One of thirteen gates in the Walled City of Lahore, Pakistan

Kashmiri Gate, Lahore () is one of the thirteen gates of Walled City of Lahore in Lahore, Punjab, Pakistan. The gate gets its name as it faces in the direction of Kashmir.

Kashmiri Gate is one of the thirteen city gates that gave access to the walled Lahore city from all sides. They were all originally built during Mughal emperor Akbar's era (1556-1605) for the city's protection and to regulate the inward and outward movement of goods and people.

Inside Kashmiri Gate, there is a shopping area and market called "Kashmiri Bazaar", known for inexpensive women's formal dresses, dopattas, clothes and footwear.

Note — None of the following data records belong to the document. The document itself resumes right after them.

(* Fix integers $2\le a<b$ with $a\nmid b$, a positive integer $d$, and a positive integer $k$. Assume $f^{(b)}_{b+1},\dots,f^{(b)}_{b+a-1}$ satisfy condition (T) at $\tilde{\mathbf c}\in\mathbb C^{a-1}$. Fix $\mathbf c(-\infty)\in(\mathbb C[[t]])^{a-1}$ with $c_i(-\infty)\equiv t^{di}\tilde c_i\bmod t^{di+1}$, and series $o_{b+j}(\mathbf c)$ ($j=1,\dots,a-1$) of the type described in the context. Suppose the system $\bar f^{(b)}_{b+j}(\mathbf c)=t^{d(b+j)}f^{(b)}_{b+j}(\tilde{\mathbf c})+o_{b+j}(\mathbf c)\pmod{t^{d(b+j)+k}}$, $j=1,\dots,a-1$, has a solution $\mathbf c(k-1)\in(\mathbb C[[t]])^{a-1}$ with $c_i(k-1)\equiv t^{di}\tilde c_i\bmod t^{di+1}$. Then the same system with $k$ replaced by $k+1$ has a solution $\mathbf c(k)$ with $c_i(k)\equiv c_i(k-1)\bmod t^{di+k}$ for all $i$.
   Context: Polynomials $f^{(b)}_i(\mathbf c)$, $\mathbf c=(c_2,\dots,c_a)$, are defined by $(1+\sum_{k=2}^ac_kx^k)^{b/a}=1+\sum_{i\ge1}f^{(b)}_i(\mathbf c)x^i$. Condition (T) at $\tilde{\mathbf c}$ (for $a>2$): the Jacobian determinant at $\tilde{\mathbf c}$ of $(\bar f^{(b)}_{b+1},\dots,\bar f^{(b)}_{b+a-1})$ with $\bar f$ formed using constants $\tilde{\mathbf c}$ (formula below with $c_k(-\infty)$ replaced by $\tilde c_k$) is nonzero; for $a=2$, (T) holds at any $\tilde c\ne0$. In the system, $\bar f^{(b)}_{b+j}(\mathbf c)=f^{(b)}_{b+j}(\mathbf c)+\sum_{k=2}^{j-1}\frac{(j-k)(c_k-c_k(-\infty))}{a}f^{(b)}_{b+j-k}(\mathbf c(-\infty))-\sum_{k=2}^{j-1}\frac{j-k}{a}\sum_{l=2}^{k-2}\frac{a-l}{a}(c_{k-l}-c_{k-l}(-\infty))c_l(-\infty)f^{(b)}_{b+j-k}(\mathbf c(-\infty))$. Each $o_{b+j}(\mathbf c)\in\mathbb C[c_2,\dots,c_a][[t]]$ is a fixed ($t$-adically convergent) sum of terms of the forms (1) $\alpha t^mc_2^{l_2}\cdots c_a^{l_a}$ with $m+d\sum_pp\,l_p\ge d(b+j)+1$, or (2) $\alpha t^mc_2^{l_2}\cdots c_a^{l_a}(c_k-c_k(-\infty))(c_{k'}-c_{k'}(-\infty))$ with $m+d\sum_pp\,l_p\ge d(b+j)-d(k+k')$, where $\alpha\in\mathbb C$ and $m,l_p\ge0$; the unknowns $\mathbf c$ are substituted into these series. *)

From HB Require Import structures.
From mathcomp Require Import all_boot all_order all_algebra.
From mathcomp Require Import mpoly.
From mathcomp Require Import complex.
Set Implicit Arguments. Unset Strict Implicit. Unset Printing Implicit Defensive.
Import Order.TTheory GRing.Theory Num.Theory.
Local Open Scope ring_scope.

Section Defs.
Variable C : fieldType.

Definition gbin (a b n : nat) : C :=
  (\prod_(j < n) ((b%:R / a%:R) - j%:R)) / (n`!)%:R.

(** f^{(b)}_i(c), evaluated at c = (c_2,...,c_a) in any C-algebra A (only the
    indices 2..a of c : nat -> A are used):  the coefficient of x^i in
    (1 + u)^{b/a} = \sum_n binom(b/a,n) u^n,   u = \sum_{k=2}^a c_k x^k.
    Since u has x-order >= 2, only n <= i contribute. *)
Definition fb (A : lalgType C) (a b i : nat) (c : nat -> A) : A :=
  \sum_(n < i.+1)
     gbin a b n *: (((\sum_(2 <= k < a.+1) (c k)%:P * 'X^k) ^+ n)`_i).

(** \bar f^{(b)}_{b+j}(c), formed with the "constants" c0 (= c(-oo) or ~c). *)
Definition fbar (A : lalgType C) (a b j : nat) (c c0 : nat -> A) : A :=
  fb a b (b + j)%N c
  + \sum_(2 <= k < j) (((j - k)%N%:R / a%:R) *: ((c k - c0 k) * fb a b (b + j - k)%N c0))
  - \sum_(2 <= k < j) (((j - k)%N%:R / a%:R) *:
        \sum_(2 <= l < k.-1) (((a - l)%N%:R / a%:R) *:
            ((c (k - l)%N - c0 (k - l)%N) * c0 l * fb a b (b + j - k)%N c0))).

Definition fbC (a b i : nat) (ct : nat -> C) : C := @fb C^o a b i ct.

(** The polynomials are
    multivariate polynomials in variables 'X_0..'X_a, 'X_k standing for c_k. *)
Definition mvar (a : nat) : nat -> {mpoly C[a.+1]} := fun k => 'X_(inord k).

Definition condT (a b : nat) (ct : nat -> C) : Prop :=
  if a == 2%N then ct 2%N != 0 else
  \det (\matrix_(r < a.-1, s < a.-1)
          (mderiv (inord (s + 2)%N) (fbar a b r.+1 (mvar a) (fun k => (ct k)%:MP))).@[
             fun v : 'I_a.+1 => ct v]) != 0.

(** Formal power series in t over C: coefficient sequences. *)
Definition ps := nat -> C.

Definition ps_trunc (N : nat) (s : ps) : {poly C} := \poly_(i < N) s i.

Definition eqmodt (N : nat) (s s' : ps) : Prop := forall n, (n < N)%N -> s n = s' n.

Definition t_mono (m : nat) (x : C) : ps := fun n => if n == m then x else 0.

(** Power series obtained by evaluating a polynomial expression E in c and
    c(-oo): its n-th coefficient is computed from the truncations mod t^{n+1}
    (C[[t]] -> C[t]/(t^{n+1}) is a ring morphism). *)
Definition ps_eval (E : (nat -> {poly C}) -> (nat -> {poly C}) -> {poly C})
  (c c0 : nat -> ps) : ps :=
  fun n => (E (fun i => ps_trunc n.+1 (c i)) (fun i => ps_trunc n.+1 (c0 i)))`_n.

(** A term of o_{b+j}:  kind (1) (ot_kind2 = false):  alpha t^m c_2^{l_2}...c_a^{l_a};
    kind (2) (ot_kind2 = true): alpha t^m c^l (c_k - c_k(-oo)) (c_k' - c_k'(-oo)).
    The exponent m of t is not stored: it is the index under which the term
    is filed (see below). *)
Record oterm := OTerm {
  ot_kind2 : bool; ot_alpha : C; ot_l : nat -> nat; ot_k : nat; ot_k' : nat }.

Definition oterm_ok (a b d j m : nat) (T : oterm) : Prop :=
  let w := (\sum_(2 <= p < a.+1) p * ot_l T p)%N in
  if ot_kind2 T then
    [/\ (2 <= ot_k T <= a)%N, (2 <= ot_k' T <= a)%N &
        (d * (b + j)%N <= m + d * w + d * (ot_k T + ot_k' T))%N]
  else (d * (b + j)%N + 1 <= m + d * w)%N.

Definition oterm_val (a m : nat) (T : oterm) (c c0 : nat -> {poly C}) : {poly C} :=
  ot_alpha T *: ('X^m * (\prod_(2 <= p < a.+1) c p ^+ ot_l T p)
     * (if ot_kind2 T then (c (ot_k T) - c0 (ot_k T)) * (c (ot_k' T) - c0 (ot_k' T))
        else 1)).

A girls' college

Next to Kashmiri Bazaar is Gayan Singh's Haveli, also called Asif Jah's Haveli, a beautiful example of Mughal architecture. The building now houses a girls' college, Government Fatima Jinnah College for Women.

==Kashmiri Gate conservation project==
It was reported in the Pakistani news media that the Walled City of Lahore Authority (WCLA) has completed the conservation and renovation project of the Kashmiri Gate in October 2024. Historically, traders and merchants coming from Kashmir entered Lahore from this gate.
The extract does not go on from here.